TASK REQUIREMENTS -
Scan the records for the word "Variables". Return each line where it is found.
──────── INPUT
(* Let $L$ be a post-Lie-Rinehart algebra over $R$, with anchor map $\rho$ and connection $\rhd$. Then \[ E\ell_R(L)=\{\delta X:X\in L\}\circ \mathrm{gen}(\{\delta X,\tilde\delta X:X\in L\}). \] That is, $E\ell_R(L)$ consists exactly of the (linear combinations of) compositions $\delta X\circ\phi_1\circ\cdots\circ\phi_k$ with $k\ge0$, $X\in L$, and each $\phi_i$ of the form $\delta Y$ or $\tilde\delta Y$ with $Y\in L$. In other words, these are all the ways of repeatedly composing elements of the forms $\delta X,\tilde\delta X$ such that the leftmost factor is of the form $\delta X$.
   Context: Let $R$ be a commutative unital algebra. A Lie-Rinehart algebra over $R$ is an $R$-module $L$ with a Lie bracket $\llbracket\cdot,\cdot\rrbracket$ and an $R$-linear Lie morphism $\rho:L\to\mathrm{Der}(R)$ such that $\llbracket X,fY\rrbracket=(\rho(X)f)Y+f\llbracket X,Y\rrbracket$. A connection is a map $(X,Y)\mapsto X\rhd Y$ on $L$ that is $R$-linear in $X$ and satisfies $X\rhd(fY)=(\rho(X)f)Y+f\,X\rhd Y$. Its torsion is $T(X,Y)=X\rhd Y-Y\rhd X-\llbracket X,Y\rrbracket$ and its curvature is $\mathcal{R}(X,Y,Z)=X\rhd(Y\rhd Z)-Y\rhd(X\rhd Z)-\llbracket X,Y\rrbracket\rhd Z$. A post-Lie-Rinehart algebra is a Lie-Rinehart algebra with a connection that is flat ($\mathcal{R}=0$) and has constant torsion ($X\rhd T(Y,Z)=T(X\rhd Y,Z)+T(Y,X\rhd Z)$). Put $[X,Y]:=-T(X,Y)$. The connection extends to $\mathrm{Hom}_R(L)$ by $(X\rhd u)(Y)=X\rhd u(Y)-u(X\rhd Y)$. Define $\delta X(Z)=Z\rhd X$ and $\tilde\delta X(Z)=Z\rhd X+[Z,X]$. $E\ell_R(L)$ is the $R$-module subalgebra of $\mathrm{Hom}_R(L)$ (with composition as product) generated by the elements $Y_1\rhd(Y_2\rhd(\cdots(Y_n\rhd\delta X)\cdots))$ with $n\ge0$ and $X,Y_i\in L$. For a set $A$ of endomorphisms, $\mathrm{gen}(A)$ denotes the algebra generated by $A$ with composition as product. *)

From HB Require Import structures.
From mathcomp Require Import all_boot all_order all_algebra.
────────────────
──────── INPUT
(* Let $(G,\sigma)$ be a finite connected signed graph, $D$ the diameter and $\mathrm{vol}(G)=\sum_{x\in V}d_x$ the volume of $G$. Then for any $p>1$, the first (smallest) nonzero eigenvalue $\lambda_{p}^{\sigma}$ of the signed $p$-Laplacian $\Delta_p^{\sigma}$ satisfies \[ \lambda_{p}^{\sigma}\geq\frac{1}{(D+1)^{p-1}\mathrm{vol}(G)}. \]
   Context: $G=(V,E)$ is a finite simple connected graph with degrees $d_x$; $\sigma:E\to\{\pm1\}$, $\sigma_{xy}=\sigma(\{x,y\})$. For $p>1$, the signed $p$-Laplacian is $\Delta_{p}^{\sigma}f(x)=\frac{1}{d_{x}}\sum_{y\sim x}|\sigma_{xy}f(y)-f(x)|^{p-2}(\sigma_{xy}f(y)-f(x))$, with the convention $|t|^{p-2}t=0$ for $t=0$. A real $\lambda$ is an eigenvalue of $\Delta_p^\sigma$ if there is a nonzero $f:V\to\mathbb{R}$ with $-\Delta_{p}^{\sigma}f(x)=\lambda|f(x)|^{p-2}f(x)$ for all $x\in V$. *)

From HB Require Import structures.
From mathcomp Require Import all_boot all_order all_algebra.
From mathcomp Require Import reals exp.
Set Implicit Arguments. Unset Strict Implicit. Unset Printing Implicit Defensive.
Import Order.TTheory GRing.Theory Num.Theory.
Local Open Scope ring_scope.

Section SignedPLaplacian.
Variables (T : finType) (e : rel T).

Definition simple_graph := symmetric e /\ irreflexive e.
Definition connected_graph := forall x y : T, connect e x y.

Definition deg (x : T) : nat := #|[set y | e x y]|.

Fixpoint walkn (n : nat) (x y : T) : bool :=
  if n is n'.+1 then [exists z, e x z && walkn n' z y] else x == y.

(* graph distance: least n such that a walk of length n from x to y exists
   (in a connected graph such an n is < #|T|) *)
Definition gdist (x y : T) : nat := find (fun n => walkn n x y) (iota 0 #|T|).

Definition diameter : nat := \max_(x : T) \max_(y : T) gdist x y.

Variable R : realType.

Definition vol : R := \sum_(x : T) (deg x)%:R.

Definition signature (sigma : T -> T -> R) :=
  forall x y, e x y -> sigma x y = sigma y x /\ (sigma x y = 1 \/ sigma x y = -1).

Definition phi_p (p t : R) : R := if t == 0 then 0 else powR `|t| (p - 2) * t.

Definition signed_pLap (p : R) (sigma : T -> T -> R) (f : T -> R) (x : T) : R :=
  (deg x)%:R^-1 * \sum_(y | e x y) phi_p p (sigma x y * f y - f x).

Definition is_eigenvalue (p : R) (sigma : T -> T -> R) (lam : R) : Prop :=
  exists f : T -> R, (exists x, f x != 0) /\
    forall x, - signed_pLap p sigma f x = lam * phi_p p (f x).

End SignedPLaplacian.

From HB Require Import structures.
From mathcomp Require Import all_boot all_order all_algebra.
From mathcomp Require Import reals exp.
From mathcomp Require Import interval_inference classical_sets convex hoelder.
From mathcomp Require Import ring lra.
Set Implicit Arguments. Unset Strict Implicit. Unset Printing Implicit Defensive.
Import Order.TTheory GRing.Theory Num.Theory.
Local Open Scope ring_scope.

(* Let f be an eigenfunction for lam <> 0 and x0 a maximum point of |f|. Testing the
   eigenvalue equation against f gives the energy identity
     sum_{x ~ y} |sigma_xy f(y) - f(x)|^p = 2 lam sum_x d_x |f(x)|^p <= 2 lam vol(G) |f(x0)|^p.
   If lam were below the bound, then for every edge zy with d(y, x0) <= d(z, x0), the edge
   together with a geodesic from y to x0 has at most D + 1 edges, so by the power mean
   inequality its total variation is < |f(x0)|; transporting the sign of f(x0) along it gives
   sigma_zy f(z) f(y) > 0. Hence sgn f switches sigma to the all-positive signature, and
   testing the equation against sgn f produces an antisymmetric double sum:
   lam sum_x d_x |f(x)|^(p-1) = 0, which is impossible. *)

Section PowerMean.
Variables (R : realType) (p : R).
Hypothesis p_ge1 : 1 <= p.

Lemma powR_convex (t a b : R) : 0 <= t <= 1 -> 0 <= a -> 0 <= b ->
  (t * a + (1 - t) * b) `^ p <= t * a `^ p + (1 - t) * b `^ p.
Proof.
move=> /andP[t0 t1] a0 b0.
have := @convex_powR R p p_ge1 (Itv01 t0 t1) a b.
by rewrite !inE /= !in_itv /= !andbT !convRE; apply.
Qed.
────────────────
ANSWER FOR THE TASK -
Variables (T : finType) (e : rel T).
Variables (R : realType) (p : R).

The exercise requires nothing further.